5 Myths about Precious Metals Investing

In today’s volatile economy, investors often turn to the precious metals sector as an alternative to traditional securities such as stocks and bonds. Unfortunately, the metals market is filled with myths, half-truths and urban legends that too many take for fact. Here are some of the more common myths potential investors might encounter:


Small investors can’t get into the metals markets.

Unlike some products in the securities market, gold and silver are well suited to the smaller investor. While the fees are slightly more expensive for small buys, anyone looking to buy an ounce of gold or silver will pay just a few extra dollars on small-scale purchases. A reputable broker such as Birch Gold Group based in Burbank, California with clients across the USA can help you better understand how to break into the precious metals market and mitigate fees.

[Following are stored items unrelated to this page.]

(* [V] need not be Hausdorff, so the two limits are compared after pairing with
   [omega], which separates points. *)
Lemma generatorZ r v : D (r *: v) = r *: D v.
Proof.
apply/eqP; rewrite -subr_eq0; apply/eqP; apply: omega_nondeg => u.
rewrite omegaBl; apply/eqP; rewrite subr_eq0; apply/eqP.
pose quot s := (omega (r *: (s^-1 *: (gamma s v - v))) u : R^o).
have to_Drv : quot @ 0^' --> (omega (D (r *: v)) u : R^o).
  have -> : quot = (fun s => omega (s^-1 *: (gamma s (r *: v) - r *: v)) u).
    by apply/funext => s; rewrite /quot gammaZ -scalerBr !scalerA mulrC.
  by apply: omega_cvg; [exact: generator_dquot_cvg | exact: cvg_cst].
have to_rDv : quot @ 0^' --> (omega (r *: D v) u : R^o).
  apply: omega_cvg; last exact: cvg_cst.
  by apply: tmod_cvgZ; [exact: cvg_cst | exact: generator_dquot_cvg].
exact: (cvg_unique (@norm_hausdorff _ R^o) to_Drv to_rDv).
Qed.

Lemma gconj_0v0 v h1 h2 h3 :
  gconj omega gamma (0, v, 0) (h1, h2, h3) =
  (h1 + 2^-1 * omega v h2 - 2^-1 * omega (v + h2) (gamma h3 v), h2 + (v - gamma h3 v), h3).
Proof.
rewrite /gconj /gmul /ginv /= !oppr0 !add0r !addr0 !gamma0 gammaN omegaNr.
by congr (_, _, _); [rewrite mulrN | rewrite addrA [v + h2]addrC].
Qed.

Lemma gconj_diff_quotient v a b c s : s != 0 ->
  let q := s^-1 *: (gamma (s * c) v - v) in
  s^-1 *: (gconj omega gamma (0, v, 0) (0 + s *: (a, b, c)) - gconj omega gamma (0, v, 0) 0) =
  (a + omega v b - 2^-1 * omega v q - 2^-1 * (s * omega b q), b - q, c).
Proof.
move=> s_neq0 q.
have gamma_q : gamma (s * c) v = v + s *: q by rewrite /q scalerA mulfV // scale1r addrC subrK.
have -> : gconj omega gamma (0, v, 0) 0 = 0.
  rewrite (_ : 0 = (0, 0, 0)) // gconj_0v0.
  by rewrite omega0r addr0 gamma0 omega_alt subrr mulr0 !addr0 subrr.
rewrite add0r subr0 (_ : s *: (a, b, c) = (s * a, s *: b, s * c)) // gconj_0v0 gamma_q.
rewrite (_ : forall (x1 x3 : R) (x2 : V),
  s^-1 *: (x1, x2, x3) = (s^-1 * x1, s^-1 *: x2, s^-1 * x3)) //.
congr (_, _, _).
- by rewrite omegaZr omegaDl !omegaDr !omegaZl !omegaZr omega_alt (omegaC b v); field.
- rewrite scalerDr scalerA mulVf // scale1r opprD addrA subrr add0r.
  by rewrite scalerN scalerA mulVf // scale1r.
- by rewrite mulKf.
Qed.

Definition Ad v (Y : R * V * R) : R * V * R :=
  (Y.1.1 + omega v Y.1.2 - 2^-1 * (Y.2 * omega v (D v)), Y.1.2 - Y.2 *: D v, Y.2).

 Governments control the price of precious metals and no one can make a profit.

While there are a few cases of governments trying to manipulate the precious metals market, these gains and losses are typically short term and don’t affect the smaller investors who are in it for the long term. The fact is that bullion markets are primarily dictated by supply and demand and when large groups of investors want to buy (more gold) the price will go up.

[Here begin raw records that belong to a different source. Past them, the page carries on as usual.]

Record incline := Incline {
  icarrier :> Type;
  iadd : icarrier -> icarrier -> icarrier;
  imul : icarrier -> icarrier -> icarrier;
  iaddA : forall x y z, iadd x (iadd y z) = iadd (iadd x y) z;
  iaddC : forall x y, iadd x y = iadd y x;
  iaddI : forall x, iadd x x = x;
  imulA : forall x y z, imul x (imul y z) = imul (imul x y) z;
  imulDr : forall x y z, imul x (iadd y z) = iadd (imul x y) (imul x z);
  iabsorb : forall x y, iadd x (imul x y) = x
}.

Section InclineNotions.
Variable L : incline.

Definition ile (x y : L) : Prop := iadd x y = y.

Definition is_square (x : L) : Prop := exists c : L, imul c c = x.

Definition r_ideal (J : L -> Prop) : Prop :=
  (exists x, J x) /\
  (forall x y, J x -> J y -> J (iadd x y)) /\
  (forall x y, J x -> J (imul x y) /\ J (imul y x)).

Definition lattice_ideal (J : L -> Prop) : Prop :=
  (exists x, J x) /\
  (forall x y, J x -> J y -> J (iadd x y)) /\
  (forall x y, J y -> ile x y -> J x).

Definition gen_r_ideal (a : L) : L -> Prop :=
  fun x => forall J, r_ideal J -> J a -> J x.

Definition LI_property : Prop := forall a : L, lattice_ideal (gen_r_ideal a).

Definition unique_square_root_property : Prop :=
  forall x : L, exists! c : L, imul c c = x.

Definition AG_property : Prop :=
  forall x y : L, ile (imul x y) (iadd (imul x x) (imul y y)).

Definition is_additive_identity (z : L) : Prop := forall x, iadd z x = x /\ iadd x z = x.
Definition is_multiplicative_identity (o : L) : Prop := forall x, imul o x = x /\ imul x o = x.
Definition commutative_incline : Prop := forall x y : L, imul x y = imul y x.

End InclineNotions.

Record normal_incline := NormalIncline {
  ni_incline :> incline;
  izero : ni_incline;
  ione : ni_incline;
  ni_comm : commutative_incline ni_incline;
  ni_zero : is_additive_identity izero;
  ni_one : is_multiplicative_identity ione;
  ni_LI : LI_property ni_incline;
  ni_usqrt : unique_square_root_property ni_incline;
  ni_AG : AG_property ni_incline
}.

Section Matrices.
Variable L : normal_incline.

Definition imxmul m n p (B : 'M[L]_(m, n)) (C : 'M[L]_(n, p)) : 'M[L]_(m, p) :=
  \matrix_(i < m, j < p) \big[@iadd L / izero L]_(k < n) imul (B i k) (C k j).

Definition isymmetric n (A : 'M[L]_n) : Prop := trmx A = A.

Definition positive_semidefinite n (A : 'M[L]_n) : Prop :=
  exists k (B : 'M[L]_(n, k)), A = imxmul B (trmx B).

Definition completely_positive n (A : 'M[L]_n) : Prop :=
  exists k (B : 'M[L]_(n, k)), A = imxmul B (trmx B) /\ forall i j, is_square (B i j).

Definition idiagonal n (D : 'M[L]_n) : Prop :=
  forall i j : 'I_n, i != j -> D i j = izero L.

Definition pos_det (M : 'M[L]_2) : L := imul (M ord0 ord0) (M ord_max ord_max).
Definition neg_det (M : 'M[L]_2) : L := imul (M ord0 ord_max) (M ord_max ord0).

Definition principal2 n (A : 'M[L]_n) (i j : 'I_n) : 'M[L]_2 :=
  \matrix_(a < 2, b < 2)
    A (if a == 0 :> nat then i else j) (if b == 0 :> nat then i else j).

End Matrices.

From HB Require Import structures.
From mathcomp Require Import all_boot all_algebra.
From Stdlib Require Import ClassicalEpsilon.

Set Implicit Arguments.
Unset Strict Implicit.
Local Open Scope ring_scope.

(* Every element of a normal incline is a square, so positive semidefinite and
   completely positive matrices coincide.  For a Gram matrix A = B B^T, the
   AG-property bounds each term of a_ij a_ji by a_ii a_jj.  Conversely, write
   a_ii = d_i d_i; the minor condition gives a_ij a_ij <= (d_i d_j)(d_i d_j),
   hence a_ij <= d_i d_j (AG and uniqueness of square roots make squaring
   order-reflecting), and the LI-property factors a_ij = d_i d_j m_ij: this is
   A = DMD.  Finally DMD is a Gram matrix whose columns, indexed by pairs
   (k, l), are d_k e_k + m_kl d_l e_l: the outer product of each column is
   dominated by DMD, and the (i, j)-th one attains d_i m_ij d_j. *)

Local Notation "x ⊕ y" := (iadd x y) (at level 50, left associativity).
Local Notation "x ⊗ y" := (imul x y) (at level 40, left associativity).
Local Notation "x ≼ y" := (ile x y) (at level 70).

Section InclineOrder.
Variable L : incline.
Implicit Types x y z : L.

Lemma ile_refl x : x ≼ x. Proof. exact: iaddI. Qed.

Lemma ile_trans y x z : x ≼ y -> y ≼ z -> x ≼ z.
Proof. by rewrite /ile => xy yz; rewrite -yz iaddA xy. Qed.

Lemma ile_anti x y : x ≼ y -> y ≼ x -> x = y.
Proof. by rewrite /ile => xy yx; rewrite -xy iaddC yx. Qed.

 Buy mining stocks because they deliver bigger profits.

While stocks in the actual mining companies can do very well in the short term, these are very volatile stocks that fluctuate especially in declining markets. Physical metals tend to hold their value over longer periods of time.

 Storage is a big problem.

For peace of mind, the cost of storage is insignificant. Whether you choose a bank safety box or a safe in your home (though not recommended in light of the increasing savviness of today’s burglars), the cost of these protective services is negligible in the long term.

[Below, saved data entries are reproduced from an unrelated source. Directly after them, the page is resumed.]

(* Let $n=2^k$ for some integer $k\ge1$. Let $V=\{v\in\{-1,1\}^n : v_1=1\}$, $P(V)=\{\sum_{v\in W}v : W\subseteq V\}$, $g(V)=\frac12\sum_{v\in V}v$, $\mathbf{1}=(1,\dots,1)\in\mathbb{R}^n$, $M=2^{n-2}-\frac12\binom{n-1}{n/2}+\frac12$, and $K_M=\{(x_1,\dots,x_n)\in\mathbb{R}^n : x_i\le M\ \forall i\}$. Then there exists $w\in\mathbb{Z}^n$ with $w_i\le 1$ for all $i$ such that \[0\in P(V)-g(V)-\tfrac12\binom{n-1}{n/2}\mathbf{1}+\tfrac12 w\subset K_M.\] *)

From mathcomp Require Import all_boot all_order all_algebra.
Unset Printing Implicit Defensive.
Import Order.TTheory GRing.Theory Num.Theory.
Local Open Scope ring_scope.

Definition signvec (R : nzRingType) (n : nat) (s : {ffun 'I_n -> bool}) : 'rV[R]_n :=
  \row_i (if s i then 1 else -1).

(* V = { v in {-1,1}^n : v_1 = 1 } (first coordinate = index 0). *)
Definition Vset (n : nat) : {set {ffun 'I_n -> bool}} :=
  [set s : {ffun 'I_n -> bool} | [forall i : 'I_n, (val i == 0)%N ==> s i]].

Definition PV (R : nzRingType) (n : nat) (x : 'rV[R]_n) : Prop :=
  exists W : {set {ffun 'I_n -> bool}},
    W \subset Vset n /\ x = \sum_(s in W) signvec R n s.

Definition gV (R : fieldType) (n : nat) : 'rV[R]_n :=
  2^-1 *: \sum_(s in Vset n) signvec R n s.

Definition ones (R : nzRingType) (n : nat) : 'rV[R]_n := \row_i 1.

Definition Mbound (R : fieldType) (n : nat) : R :=
  (2 ^ (n - 2))%N%:R - 2^-1 * ('C(n.-1, n %/ 2))%:R + 2^-1.

Definition shiftedPV (R : fieldType) (n : nat) (w : 'I_n -> int) (y : 'rV[R]_n) : Prop :=
  exists x : 'rV[R]_n, PV R n x /\
    y = x - gV R n - (2^-1 * ('C(n.-1, n %/ 2))%:R) *: ones R n
        + 2^-1 *: (\row_i ((w i)%:~R : R)).

Definition KM (R : realFieldType) (n : nat) (M : R) (y : 'rV[R]_n) : Prop :=
  forall i : 'I_n, y ord0 i <= M.

(* Write n = 2m + 2 and N = n - 1 = 2m + 1 (only the evenness of n = 2^k matters), and
   identify V with the subsets of 'I_N: the sign vector of A has first coordinate 1 and
   coordinate j + 1 equal to -1 iff j \in A.  The inclusion in K_M holds for any w <= 1,
   because each v in V contributes at most 1/2 to a coordinate of a subset sum minus g(V).
   With C = 'C(N, m + 1), choosing w := C + 2 g(V) - 2 x, the point 0 lies in the set
   for the subset sum x of a family F of subsets as soon as 2 |F| + 1 >= 2^N + C and,
   for every j, 2 (#{A in F | j \notin A} - #{A in F | j \in A}) + 1 >= C.
   Take F = {sets of size <= m} together with t = ceil(c/2) orbits of (m+1)-sets under
   cyclic rotation: since gcd(N, m + 1) = 1 rotation acts freely on (m+1)-sets, so C = c N
   for c orbits, and a union of t orbits contains every point in exactly t (m + 1) of its
   t N sets.  Toggling j shows that the small sets contribute c (m + 1) to the difference
   above, the orbits contribute -t, and 2 (c (m + 1) - t) + 1 >= c N since 2 t <= c + 1. *)

From mathcomp Require Import all_boot all_order all_algebra.
From mathcomp Require Import zify ring lra.
Import Order.TTheory GRing.Theory Num.Theory.
Set Implicit Arguments. Unset Strict Implicit. Unset Printing Implicit Defensive.
Local Open Scope ring_scope.

Section SetFamilies.
Variable T : finType.
Implicit Types (F G : {set {set T}}) (j : T).

Definition degree F j : nat := (\sum_(A in F) (j \in A))%N.

Definition bias F j : int := \sum_(A in F) (if j \in A then -1 else 1).

Lemma bias_degree F j : bias F j = #|F|%:Z - 2 * (degree F j)%:Z.
Proof.
rewrite /bias /degree -sum1_card -!natz !natr_sum mulr_sumr -sumrB.
by apply: eq_bigr => A _; case: (j \in A).
Qed.

Lemma bias_setU F G j : [disjoint F & G] -> bias (F :|: G) j = bias F j + bias G j.
Proof. by move=> dFG; rewrite /bias -bigU //; apply: eq_bigl => A; rewrite !inE. Qed.

Lemma bias_setT j : bias setT j = 0.
Proof.
have bias_opp : bias setT j = - bias setT j.
  rewrite /bias [LHS](reindex_inj (@setC_inj T)) -sumrN.
  by apply: eq_big => [A|A _]; rewrite !inE //; case: (j \in A); rewrite ?opprK.
lia.
Qed.

Definition toggle j (A : {set T}) : {set T} := if j \in A then A :\ j else j |: A.

Lemma toggleK j : involutive (toggle j).
Proof.
move=> A; rewrite {2}/toggle; case: ifP => jA.
  by rewrite /toggle setD11 setD1K.
by rewrite /toggle setU11 setU1K ?jA.
Qed.

Lemma mem_toggle j A : (j \in toggle j A) = (j \notin A).
Proof. by rewrite /toggle; case: ifP => jA; rewrite !inE eqxx. Qed.

Lemma card_toggle j A : #|toggle j A| = (if j \in A then #|A|.-1 else #|A|.+1)%N.
Proof.
rewrite /toggle; case: ifP => jA; first by rewrite (cardsD1 j A) jA add1n.
by rewrite cardsU1 jA.
Qed.

Lemma degreeE F j : degree F j = (\sum_(A in F | j \in A) 1)%N.
Proof. by rewrite big_mkcondr /degree; apply: eq_bigr => A _; case: (j \in A). Qed.

Lemma bias_small_sets m j :
  bias [set A : {set T} | #|A| <= m]%N j = (degree [set A : {set T} | #|A| == m.+1]%N j)%:Z.
Proof.
set small := [set A : {set T} | #|A| <= m]%N.
have toggle_count : (\sum_(A : {set T} | (#|A| <= m.+1) && (j \in A)) 1 =
    \sum_(A in small | j \notin A) 1)%N.
  rewrite (reindex_inj (inv_inj (toggleK j))); apply: eq_bigl => A.
  by rewrite !inE mem_toggle card_toggle; case: (j \in A); rewrite ?andbF ?andbT.
have split_by_size : (\sum_(A : {set T} | (#|A| <= m.+1) && (j \in A)) 1 =
    degree small j + degree [set A : {set T} | #|A| == m.+1]%N j)%N.
  rewrite (bigID (fun A : {set T} => #|A| <= m)%N) /= !degreeE.
  by congr (_ + _); apply: eq_bigl => A; rewrite !inE;
    case: (j \in A); rewrite ?andbF ?andbT //; lia.
have card_small : #|small| = (degree small j + \sum_(A in small | j \notin A) 1)%N.
  by rewrite -sum1_card (bigID (fun A : {set T} => j \in A)) /= degreeE.
rewrite bias_degree card_small -toggle_count split_by_size; lia.
Qed.

Lemma card_small_sets m : #|T| = m.*2.+1 ->
  (#|[set A : {set T} | #|A| <= m]|.*2 = 2 ^ #|T|)%N.
Proof.
move=> cardT; set small := [set A : {set T} | #|A| <= m]%N.
have small_compl : ~: small = @setC T @^-1: small.
  apply/setP => A; rewrite !inE -ltnNge; have := cardsC A; lia.
rewrite -addnn -{1}(card_preimset small (@setC_inj T)) -small_compl addnC cardsC.
by rewrite -cardsT -powersetT card_powerset cardsT.
Qed.

End SetFamilies.

Section CyclicShifts.
Variables (N' k : nat).
Local Notation N := N'.+1.
Implicit Types (A B : {set 'I_N}) (R : {set {set 'I_N}}) (d j x : 'I_N).

Definition rot d A : {set 'I_N} := [set x | x - d \in A].

Definition weight A : 'I_N := \sum_(x in A) x.

Lemma mem_rot d A x : (x \in rot d A) = (x - d \in A).
Proof. by rewrite inE. Qed.

Lemma card_rot d A : #|rot d A| = #|A|.
Proof. exact/card_preimset/subIr. Qed.

Lemma rotK d : cancel (rot (- d)) (rot d).
Proof. by move=> A; apply/setP => x; rewrite !mem_rot opprK subrK. Qed.

Lemma rotNK d : cancel (rot d) (rot (- d)).
Proof. by move=> A; apply/setP => x; rewrite !mem_rot opprK addrK. Qed.

Lemma weight_rot d A : weight (rot d A) = weight A + d *+ #|A|.
Proof.
rewrite /weight (reindex_inj (addIr d)) /=.
rewrite (eq_bigl (mem A)) => [|x]; last by rewrite mem_rot addrK.
by rewrite big_split /= sumr_const.
Qed.

Hypothesis coprime_Nk : coprime N k.

Lemma mulrn_coprime_inj : injective (fun d : 'I_N => d *+ k).
Proof.
have mulrn_eq0 d : d *+ k = 0 -> d = 0.
  move/(congr1 val); rewrite Zp_mulrn /= => /eqP; rewrite -/(dvdn N (d * k)).
  rewrite Gauss_dvdl // => N_dvd_d; apply: val_inj => /=.
  case: (posnP d) => // d_gt0; have := dvdn_leq d_gt0 N_dvd_d; have := ltn_ord d; lia.
by move=> d e /eqP; rewrite -subr_eq0 -mulrnBl => /eqP/mulrn_eq0/subr0_eq.
Qed.

Definition ksets : {set {set 'I_N}} := [set A : {set 'I_N} | #|A| == k]%N.

(* Rotating a k-set by d adds d *+ k to its weight, and d |-> d *+ k is bijective, so each
   rotation orbit of k-sets meets weight 0 exactly once. *)
Definition rot_reps : {set {set 'I_N}} := [set A in ksets | weight A == 0].

Definition rot_orbits (R : {set {set 'I_N}}) : {set {set 'I_N}} :=
  [set rot p.2 p.1 | p in setX R [set: 'I_N]].

Lemma rot_orbits_inj : {in setX rot_reps setT &, injective (fun p => rot p.2 p.1)}.
Proof.
move=> [A d] [B e]; rewrite !inE /= !andbT => /andP[/eqP cardA /eqP weightA].
move=> /andP[/eqP cardB /eqP weightB] /= rot_eq.
have de : d = e.
  apply: mulrn_coprime_inj; move: (congr1 weight rot_eq).
  by rewrite !weight_rot weightA weightB cardA cardB !add0r.
by move: rot_eq; rewrite de => /(can_inj (rotNK e)) ->.
Qed.

Lemma rot_orbits_reps : rot_orbits rot_reps = ksets.
Proof.
apply/setP => B; apply/imsetP/idP => [[[A d]]|].
  by rewrite !inE /= andbT => /andP[cardA _] ->; rewrite card_rot.
rewrite inE => /eqP cardB.
have [mulrn_inv _ mulrn_invK] := injF_bij mulrn_coprime_inj.
set d := mulrn_inv (weight B).
exists (rot (- d) B, d); last by rewrite rotK.
by rewrite !inE /= card_rot cardB weight_rot mulNrn cardB mulrn_invK subrr !eqxx.
Qed.

Lemma card_rot_orbits R : R \subset rot_reps -> #|rot_orbits R| = (#|R| * N)%N.
Proof.
move=> sub_reps; rewrite card_in_imset ?cardsX ?cardsT ?card_ord //.
by apply: sub_in2 rot_orbits_inj => p; apply/subsetP/setXS.
Qed.

Lemma degree_rot_orbits R j : R \subset rot_reps -> degree (rot_orbits R) j = (#|R| * k)%N.
Proof.
move=> sub_reps; rewrite /degree big_imset /=; last first.
  by apply: sub_in2 rot_orbits_inj => p; apply/subsetP/setXS.
transitivity (\sum_(A in R) \sum_(d : 'I_N) (j \in rot d A))%N.
  by rewrite pair_big /=; apply: eq_bigl => -[A d]; rewrite !inE andbT.
rewrite -sum_nat_const; apply: eq_bigr => A /(subsetP sub_reps).
rewrite !inE => /andP[/eqP <- _].
rewrite -sum1_card [RHS]big_mkcond (reindex_inj (subrI j)) /=.
by apply: eq_bigr => d _; rewrite mem_rot subKr; case: (d \in A).
Qed.

End CyclicShifts.

Lemma exists_balanced_family m : exists F : {set {set 'I_(m.*2.+1)}},
  (2 ^ m.*2.+1 + 'C(m.*2.+1, m.+1) <= #|F|.*2.+1)%N /\
  forall j, ('C(m.*2.+1, m.+1))%:Z <= 2 * bias F j + 1.
Proof.
have coprime_Nk : coprime m.*2.+1 m.+1.
  by rewrite coprime_sym /coprime -addnn -addSn gcdnDl; apply: coprimeSn.
set reps := rot_reps m.*2 m.+1; set c := #|reps|.
have binomE : 'C(m.*2.+1, m.+1) = (c * m.*2.+1)%N.
  by rewrite -(card_rot_orbits coprime_Nk) // rot_orbits_reps // card_draws card_ord.
have degree_ksets j : degree (ksets m.*2 m.+1) j = (c * m.+1)%N.
  by rewrite -rot_orbits_reps // (degree_rot_orbits coprime_Nk).
have [R [sub_reps cardR]] :
    exists R : {set {set 'I_(m.*2.+1)}}, R \subset reps /\ #|R| = uphalf c.
  have /(@card_geqP _ (mem reps))[s [uniq_s size_s sub_s]] : (uphalf c <= c)%N by lia.
  exists [set A in s]; split; first by apply/subsetP => A; rewrite inE; apply: sub_s.
  by rewrite cardsE (card_uniqP uniq_s).
set small := [set A : {set 'I_(m.*2.+1)} | #|A| <= m]%N.
set T := rot_orbits R.
have disj : [disjoint small & T].
  have /subsetP sub_ksets : T \subset ksets m.*2 m.+1.
    by rewrite -rot_orbits_reps // imsetS // setXS.
  rewrite -setI_eq0; apply/eqP/setP => A; rewrite !inE.
  by apply/negbTE/andP => -[small_A /sub_ksets]; rewrite inE; lia.
exists (small :|: T); split.
  rewrite cardsU (disjoint_setI0 disj) cards0 subn0 doubleD card_small_sets ?card_ord //.
  rewrite (card_rot_orbits coprime_Nk) // cardR binomE; nia.
move=> j; rewrite bias_setU // bias_small_sets degree_ksets bias_degree.
rewrite (card_rot_orbits coprime_Nk) // (degree_rot_orbits coprime_Nk) // cardR binomE; lia.
Qed.

Definition signsum n (W : {set {ffun 'I_n -> bool}}) (i : 'I_n) : int :=
  \sum_(s in W) (if s i then 1 else -1).

Lemma sum_signvecE (R : nzRingType) n (W : {set {ffun 'I_n -> bool}}) i :
  (\sum_(s in W) signvec R n s) ord0 i = (signsum W i)%:~R.
Proof.
rewrite summxE rmorph_sum; apply: eq_bigr => s _.
by rewrite mxE; case: (s i); rewrite ?rmorphN.
Qed.

Lemma signsum_sub_le n (V W : {set {ffun 'I_n -> bool}}) i :
  W \subset V -> 2 * signsum W i - signsum V i <= #|V|%:Z.
Proof.
move=> sub_WV.
have signsum_le X : signsum X i <= #|X|%:Z.
  by rewrite -sum1_card -natz natr_sum; apply: ler_sum => s _; case: (s i).
have signsum_ge X : - signsum X i <= #|X|%:Z.
  by rewrite -sum1_card -natz natr_sum -sumrN; apply: ler_sum => s _; case: (s i).
have signsum_split : signsum V i = signsum W i + signsum (V :\: W) i.
  by rewrite /signsum (big_setID W) /= (setIidPr sub_WV).
have card_split : #|V| = (#|W| + #|V :\: W|)%N by rewrite -(cardsID W V) (setIidPr sub_WV).
rewrite signsum_split card_split; have := signsum_le W; have := signsum_ge (V :\: W); lia.
Qed.

Definition set_signs n (A : {set 'I_n}) : {ffun 'I_n.+1 -> bool} :=
  [ffun i => if unlift ord0 i is Some j then j \notin A else true].

Lemma set_signs0 n (A : {set 'I_n}) : set_signs A ord0.
Proof. by rewrite ffunE unlift_none. Qed.

Lemma set_signs_lift n (A : {set 'I_n}) j : set_signs A (lift ord0 j) = (j \notin A).
Proof. by rewrite ffunE liftK. Qed.

Lemma set_signs_inj n : injective (@set_signs n).
Proof.
move=> A B eq_AB; apply/setP => j; apply: negb_inj.
by rewrite -!set_signs_lift eq_AB.
Qed.

Lemma Vset_set_signs n : Vset n.+1 = @set_signs n @: setT.
Proof.
apply/setP => s; rewrite inE; apply/forallP/imsetP => [s0|[A _ ->] i].
  exists [set j | ~~ s (lift ord0 j)] => //; apply/ffunP => i.
  case: (unliftP ord0 i) => [j|] ->; first by rewrite set_signs_lift inE negbK.
  by rewrite set_signs0; apply: (implyP (s0 ord0)).
apply/implyP => /eqP i0; have -> : i = ord0 by apply: val_inj.
exact: set_signs0.
Qed.

Lemma card_Vset n : #|Vset n.+1| = (2 ^ n)%N.
Proof.
rewrite Vset_set_signs card_imset; last exact: set_signs_inj.
by rewrite -powersetT card_powerset cardsT card_ord.
Qed.

Lemma signsum_set_signs0 n (F : {set {set 'I_n}}) :
  signsum (@set_signs n @: F) ord0 = #|F|%:Z.
Proof.
rewrite /signsum big_imset /=; last by move=> A B _ _; apply: set_signs_inj.
by rewrite -sum1_card -natz natr_sum; apply: eq_bigr => A _; rewrite set_signs0.
Qed.

Lemma signsum_set_signs_lift n (F : {set {set 'I_n}}) j :
  signsum (@set_signs n @: F) (lift ord0 j) = bias F j.
Proof.
rewrite /signsum big_imset /=; last by move=> A B _ _; apply: set_signs_inj.
by apply: eq_bigr => A _; rewrite set_signs_lift; case: (j \in A).
Qed.

Lemma signsum_Vset0 n : signsum (Vset n.+1) ord0 = (2 ^ n)%N%:Z.
Proof.
rewrite -card_Vset {1}Vset_set_signs signsum_set_signs0 Vset_set_signs card_imset //.
exact: set_signs_inj.
Qed.

Lemma signsum_Vset_lift n j : signsum (Vset n.+1) (lift ord0 j) = 0.
Proof. by rewrite Vset_set_signs signsum_set_signs_lift bias_setT. Qed.

Lemma shiftedPV_zero (R : numFieldType) n (W : {set {ffun 'I_n -> bool}}) :
  W \subset Vset n ->
  shiftedPV R n (fun i => ('C(n.-1, n %/ 2))%:Z + signsum (Vset n) i - 2 * signsum W i) 0.
Proof.
move=> sub_W; exists (\sum_(s in W) signvec R n s); split; first by exists W.
apply/rowP => i; rewrite /gV /ones !mxE !sum_signvecE.
by rewrite intrB intrD intrM /=; field.
Qed.

Lemma shiftedPV_KM (R : realFieldType) n (w : 'I_n.+2 -> int) (y : 'rV[R]_n.+2) :
  (forall i, w i <= 1) -> shiftedPV R n.+2 w y -> KM R n.+2 (Mbound R n.+2) y.
Proof.
move=> w_le1 [x [[W [sub_W ->]] ->]] i.
have := signsum_sub_le i sub_W; rewrite card_Vset -(ler_int R) intrB intrM -!pmulrn.
rewrite expnS natrM /= => signsum_bound.
have w_bound : (w i)%:~R <= 1 :> R by rewrite lerz1.
rewrite /gV /ones /Mbound !mxE !sum_signvecE /= !subSS subn0; lra.
Qed.

Theorem lemma4p5 (R : realFieldType) (k : nat) (hk : (1 <= k)%N) :
  exists w : 'I_(2 ^ k) -> int,
    (forall i, w i <= 1) /\
    shiftedPV R (2 ^ k) w 0 /\
    (forall y : 'rV[R]_(2 ^ k), shiftedPV R (2 ^ k) w y -> KM R (2 ^ k) (Mbound R (2 ^ k)) y).
Proof.
have [m ->] : exists m, (2 ^ k = m.*2.+2)%N.
  exists (2 ^ k.-1 - 1)%N; case: k hk => // k _ /=; rewrite expnS; have := expn_gt0 2 k; lia.
have [F [card_F bias_F]] := exists_balanced_family m.
set W := @set_signs m.*2.+1 @: F.
have sub_W : W \subset Vset m.*2.+2 by rewrite Vset_set_signs imsetS ?subsetT.
pose w i := ('C(m.*2.+1, m.*2.+2 %/ 2))%:Z + signsum (Vset m.*2.+2) i - 2 * signsum W i.
have w_le1 i : w i <= 1.
  have half_n : (m.*2.+2 %/ 2 = m.+1)%N by rewrite -doubleS divn2 doubleK.
  rewrite /w half_n; case: (unliftP ord0 i) => [j|] ->.
    by rewrite signsum_Vset_lift signsum_set_signs_lift; have := bias_F j; lia.
  by rewrite signsum_Vset0 signsum_set_signs0; lia.
exists w; split => //; split; first exact: shiftedPV_zero.
by move=> y; apply: shiftedPV_KM.
Qed.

Another option is to not take possession of the metals at all. With an allocated account specific gold pieces will be allocated to you and many banks will hold the gold for you in their vaults for a small fee, and with an unallocated account, their fees are non-existent.

The profit is in “investment-grade” rare coins rather than bullion.

Owning rare gold and silver coins is akin to owning antiques and collectible art. While they hold their value, it takes an expert to know what they are doing and to do it well. Much of the value is in the rareness of the coin itself and when it comes time to sell these coins they can be much harder to offload at a profit that simple bullion.

Coin dealers will of course tell you differently.